I'm not opposed to shuffling things into the public domain after a period. But the length of an author's life plus 70 years doesn't seem "too long" to me.
Darn it, you stealth posted!
You might find Mark Helprin's article on copyright interesting.
The problem with 70 years plus the death of the author is that, 20 years ago, it was 50 years. 20 years before that, it was 30 years. This is an alarming pattern, but not incidental. Disney's lobbyists have a lot of money.
The Helprin article on Copyright is interesting, but besides the point (as I see it). Though as an aside, I love his children's books and look forward to reading them to my son.
I've made it a point, pretty consistently, not to violate copyright. Oh, occasionally I will bend Fair Use by watching the occasional scene on YouTube, or letting friends have music files that are otherwise not to be found for love or money (because the copyrights are held by bankrupt companies), but I do defend copyright in the abstract, as a practical financial incentive to production.
What I do not defend, first of all, is the idea that an author "owns" their characters. The only way to truly own a character or an idea is to not speak it. I may find Neil Gaiman's "The Problem of Susan" offensive and disturbing, but that is because my attitudes related to Narnia are different than Gaiman's. (Sometimes. He himself has said that he "loves" the Narnia books and claims that "I don't actually know if it's ["The Problem of Susan"] any good.") Certainly, "The Problem of Susan" is an honest and thoughtful (if extreme) reflection on one reader's experience of Narnia, and the fact that Gaiman wrote it while fearing lawsuits from the Lewis estate is tragic.
(In fact, part of me feels that Gaiman's response is more faithful than the original movies. Gaiman understands that Lewis embraced the concept of Christian religious exclusivity, even if he is disturbed by it. The movies, licensed by Lewis's estate to its great financial profit, strip Narnia of all controversy and all power.)
The second thing I defend is, as stated above, the need of books to go into the public domain as soon as is possible while retaining author's financial incentive. On the one hand, I don't want to impose further financial hardships on authors, a lamentably underfinanced class of workers in our current economy. I stand with Tolkien on the side of "extending courtesy to living authors (at least)" in the form of royalties from book sales. But I think we are missing out on something important--the ability to re-work and re-write characters in a dignified, financially viable, non fanfic form.

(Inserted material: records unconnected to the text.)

Definition adjG (u v : V) : Prop :=
  exists e, (src e = u /\ tgt e = v) \/ (src e = v /\ tgt e = u).
Definition connected_graph : Prop := forall u v, clos_refl_trans V adjG u v.

(* Real 1-chains: values on reference orientations; x_{\bar e} = - x_e. *)
Definition ochain (x : E -> R) (o : E * bool) : R := if o.2 then - x o.1 else x o.1.
Definition inner (x y : E -> R) : R := \sum_(e : E) x e * y e.
Definition qf (x : E -> R) : R := inner x x.

Definition is_flow (x : E -> R) : Prop :=
  forall v : V, \sum_(o : E * bool | otail o == v) ochain x o = 0.
Definition is_int_flow (mu : E -> R) : Prop :=
  is_flow mu /\ exists z : E -> int, forall e, mu e = (z e)%:~R.

Definition in_VO (x : E -> R) : Prop :=
  is_flow x /\ forall mu, is_int_flow mu -> qf x <= qf (fun e => x e - mu e).

(* Nonempty faces of V_O (faces of the polytope V_O = exposed faces). *)
Definition face_VO (F : (E -> R) -> Prop) : Prop :=
  exists (a : E -> R) (b : R),
    (forall y, in_VO y -> inner a y <= b) /\
    (forall x, F x <-> (in_VO x /\ inner a x = b)).
Definition nonempty_face_VO (F : (E -> R) -> Prop) : Prop :=
  face_VO F /\ exists x, F x.

Definition is_circuit (c : seq (E * bool)) : Prop :=
  [/\ c != [::], uniq (map fst c), uniq (map otail c)
    & cycle (fun o1 o2 => ohead o1 == otail o2) c].
Definition xC (c : seq (E * bool)) (e : E) : R :=
  if (e, false) \in c then 1 else if (e, true) \in c then -1 else 0.
Definition in_Xi1 (lam : E -> R) : Prop :=
  exists c, is_circuit c /\ forall e, lam e = xC c e.
Definition in_Hlam (lam x : E -> R) : Prop :=
  is_flow x /\ 2 * inner x lam = qf lam.
Definition supp (x : E -> R) (o : E * bool) : Prop := 0 < ochain x o.

Definition phi (F : (E -> R) -> Prop) (o : E * bool) : Prop :=
  exists lam, [/\ in_Xi1 lam, (forall x, F x -> in_Hlam lam x) & supp lam o].

(* SC: a set D of oriented edges encodes the pair (H', D) with H' = und D. *)
Definition und (D : E * bool -> Prop) (e : E) : Prop := D (e, false) \/ D (e, true).
Definition is_orientation (D : E * bool -> Prop) : Prop :=
  forall e, ~ (D (e, false) /\ D (e, true)).
Definition darc (D : E * bool -> Prop) (u v : V) : Prop :=
  exists o, [/\ D o, otail o = u & ohead o = v].
Definition strongly_connected (D : E * bool -> Prop) : Prop :=
  forall u v, clos_refl_trans V (fun a b => darc D a b \/ darc D b a) u v ->
              clos_refl_trans V (darc D) u v.
Definition in_SC (D : E * bool -> Prop) : Prop :=
  is_orientation D /\ strongly_connected D.
Definition SC_le (D1 D2 : E * bool -> Prop) : Prop :=
  (forall e, und D2 e -> und D1 e) /\ (forall o, D2 o <-> (D1 o /\ und D2 o.1)).

End Graph.

(** For a flow [x] give each arc [o] the cost [1 - 2 x_o]. The cost of a circuit [C] is then
    [q(x^C) - 2<x, x^C>], so [x] lies on [H_{x^C}] iff [C] has cost [0], and [x] lies in [V_O]
    iff every circuit has nonnegative cost: one direction tests [x] against the integer flows
    [x^C]; for the other, nonnegative circuit costs give a potential [p] with
    [p(head o) - p(tail o) <= 1 - 2 x_o] (least weights of simple paths), and since an integer
    flow [mu] is orthogonal to the coboundary of [p], the edgewise bound [|m| <= m^2] for
    integers yields [q(x) <= q(x - mu)].

    Relative to such a potential a circuit has cost [0] iff all its arcs are tight, so every
    arc of [phi(F)] is tight for every [x] in [F]. No edge is tight in both directions (the two
    costs add up to [2]), and each arc of [phi(F)] returns along a circuit inside [phi(F)]; so
    [phi(F)] is a strongly connected orientation. Finally a face is determined by the circuits
    tight on it: moving a relative interior point of [F] slightly away from a point [y] of
    [V_O] on which these circuits are tight stays in [V_O], and the supporting inequality of
    [F] then puts [y] on [F]. As [phi(F)] records exactly the circuits tight on [F], and
    shrinking [F] enlarges [phi(F)], [phi] is injective and order-preserving. *)

From Pilot Require Import Defs.
From HB Require Import structures.
From mathcomp Require Import all_boot all_order all_algebra.
From mathcomp Require Import zify lra.
From Stdlib Require Import Relations Classical.
Set Implicit Arguments. Unset Strict Implicit. Unset Printing Implicit Defensive.
Import Order.TTheory GRing.Theory Num.Theory.
Local Open Scope ring_scope.

Section VoronoiCell.
Variables (R : realFieldType) (V E : finType) (src tgt : E -> V).
Notation arc := (E * bool)%type.
Notation otail := (Defs.otail src tgt).
Notation ohead := (Defs.ohead src tgt).
Notation is_flow := (Defs.is_flow src tgt).
Notation in_VO := (@Defs.in_VO R V E src tgt).
Notation is_circuit := (Defs.is_circuit src tgt).
Notation xC := (Defs.xC R).

Definition orev (o : arc) : arc := (o.1, ~~ o.2).

Lemma orevK : involutive orev.
Proof. by case=> e b; rewrite /orev negbK. Qed.

Lemma otail_rev o : otail (orev o) = ohead o.
Proof. by case: o => e []. Qed.

Lemma ohead_rev o : ohead (orev o) = otail o.
Proof. by case: o => e []. Qed.

Lemma ochain_rev (x : E -> R) o : ochain x (orev o) = - ochain x o.
Proof. by case: o => e [] /=; rewrite /ochain /= ?opprK. Qed.

Lemma sum_arcs (F : arc -> R) :
  \sum_(o : arc) F o = \sum_(e : E) (F (e, false) + F (e, true)).
Proof.
transitivity (\sum_e \sum_(b : bool) F (e, b)); first by rewrite pair_bigA; apply: eq_bigr => -[].
by apply: eq_bigr => e _; rewrite big_bool addrC.
Qed.

Lemma qfB (x y : E -> R) : qf (fun e => x e - y e) = qf x - 2 * inner x y + qf y.
Proof.
rewrite /qf /inner mulr_sumr -sumrB -big_split /=; apply: eq_bigr => e _.
by rewrite mulr2n; lra.
Qed.

(** * Circuit flows *)

Lemma mem_uniq_fst (c : seq arc) e b b' :
  uniq (map fst c) -> (e, b) \in c -> (e, b') \in c -> b = b'.
Proof.
elim: c => //= o c IH /andP[o_new u]; rewrite !in_cons.
case/orP=> [/eqP eo|ec]; case/orP=> [/eqP eo'|ec'] //; first by rewrite -eo in eo'; case: eo'.
- by case/negP: o_new; rewrite -eo; apply/mapP; exists (e, b').
- by case/negP: o_new; rewrite -eo'; apply/mapP; exists (e, b).
- exact: IH.
Qed.

Lemma orev_notin (c : seq arc) o : uniq (map fst c) -> o \in c -> orev o \notin c.
Proof. by case: o => e b u oc; apply/negP => /(mem_uniq_fst u oc); case: b {oc}. Qed.

Lemma ochain_xC (c : seq arc) o : uniq (map fst c) ->
  ochain (xC c) o = if o \in c then 1 else if orev o \in c then -1 else 0.
Proof.
case: o => e [] u; rewrite /ochain /xC /orev //=.
case: ifP => h1; case: ifP => h2; rewrite ?opprK ?oppr0 //.
by have := mem_uniq_fst u h1 h2.
Qed.

Lemma supp_xC (lam : E -> R) (c : seq arc) o : lam =1 xC c -> uniq (map fst c) ->
  supp lam o <-> o \in c.
Proof.
move=> lamE u; rewrite /supp /ochain !lamE -/(ochain (xC c) o) ochain_xC //.
case: ifP => _; first by split=> // _; exact: ltr01.
by case: ifP => _; split=> //; rewrite ?oppr_gt0 ?ltr10 ?ltxx.
Qed.

Lemma inner_xC (c : seq arc) (y : E -> R) : uniq (map fst c) ->
  inner y (xC c) = \sum_(o <- c) ochain y o.
Proof.
move=> u; rewrite big_uniq ?(map_uniq u) // big_mkcond sum_arcs.
apply: eq_bigr => e _; rewrite /xC /ochain /=.
case: ifP => h1; case: ifP => h2; try lra.
by have := mem_uniq_fst u h1 h2.
Qed.

Lemma qf_xC (c : seq arc) : uniq (map fst c) -> qf (xC c) = (size c)%:R.
Proof.
move=> u; rewrite /qf inner_xC // (eq_big_seq (fun _ => 1)).
  by rewrite -sum1_size natr_sum.
by move=> o oc; rewrite ochain_xC // oc.
Qed.

Definition oadj (o1 o2 : arc) := ohead o1 == otail o2.

Lemma path_oadjE o s : path oadj o s = (map otail s == belast (ohead o) (map ohead s)).
Proof. by elim: s o => //= o' s IH o; rewrite IH eqseq_cons /oadj eq_sym. Qed.

Lemma cycle_oadj_perm (c : seq arc) : cycle oadj c -> perm_eq (map otail c) (map ohead c).
Proof.
case: c => // o c; rewrite /= path_oadjE !map_rcons belast_rcons => /eqP /= <-.
by rewrite perm_sym perm_rcons.
Qed.

Lemma cycle_oadj_sum (c : seq arc) (G : V -> R) : cycle oadj c ->
  \sum_(o <- c) G (otail o) = \sum_(o <- c) G (ohead o).
Proof.
move=> cy; rewrite -(big_map otail xpredT G) -(big_map ohead xpredT G).
exact/perm_big/cycle_oadj_perm.
Qed.

Lemma xC_flow (c : seq arc) : uniq (map fst c) -> cycle oadj c -> is_flow (xC c).
Proof.
move=> u cy v; have uc := map_uniq u.
have count_in (P : pred arc) :
    \sum_(o | P o) ((o \in c)%:R : R) = \sum_(o <- c) (P o)%:R.
  rewrite big_uniq // big_mkcond [RHS]big_mkcond.
  by apply: eq_bigr => o _; case: (P o); case: (o \in c).
transitivity (\sum_(o | otail o == v) ((o \in c)%:R - (orev o \in c)%:R : R)).
  apply: eq_bigr => o _; rewrite ochain_xC //.
  case oc: (o \in c); first by rewrite (negbTE (orev_notin u oc)) subr0.
  by case: (orev o \in c); rewrite sub0r ?oppr0.
rewrite sumrB [X in _ - X](reindex_inj (inv_inj orevK)) /=.
rewrite [X in _ - X](eq_big (fun o => ohead o == v) (fun o => (o \in c)%:R)) => [|o|o _].
- by rewrite !count_in (cycle_oadj_sum (fun w => (w == v)%:R) cy) subrr.
- by rewrite otail_rev.
- by rewrite orevK.
Qed.

Lemma xC_int_flow (c : seq arc) : is_circuit c -> is_int_flow src tgt (xC c).
Proof.
case=> _ u _ cy; split; first exact: xC_flow.
exists (fun e => if (e, false) \in c then 1 else if (e, true) \in c then -1 else 0) => e.
by rewrite /xC; case: ifP => _ //; case: ifP.
Qed.

(** * Circuit costs and potentials *)

Definition cost (x : E -> R) (o : arc) : R := 1 - 2 * ochain x o.
Definition weight (w : arc -> R) (s : seq arc) : R := \sum_(o <- s) w o.
Definition circuit_cost (x : E -> R) (c : seq arc) : R := weight (cost x) c.
Definition potential (w : arc -> R) (p : V -> R) : Prop :=
  forall o, p (ohead o) - p (otail o) <= w o.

The sciences understand this--patents expire after 20 years, a quite reasonable time.
This conversation may have exposed an oversight in my thinking. See, I typically view those who seek to weaken the length of copyright as being more or less dismissive of the entire enterprise. I guess that's not necessarily true. Also, I've seen copyright as safeguarding whole works (e.g. novels, short stories, films) rather than individual characters. That's less problematic than the so-called Disney approach. That being said, I'm not entirely convinced that radically shortening the current copyright period is a good idea. Like patented things, copyrighted things are protected assets; unlike patented things (which don't automatically lose all value when the patent expires), copyrighted things become immediately free at the end of copyright.
Really, I never thought this post would prompt such a discussion on this topic. I'm not that passionate about it.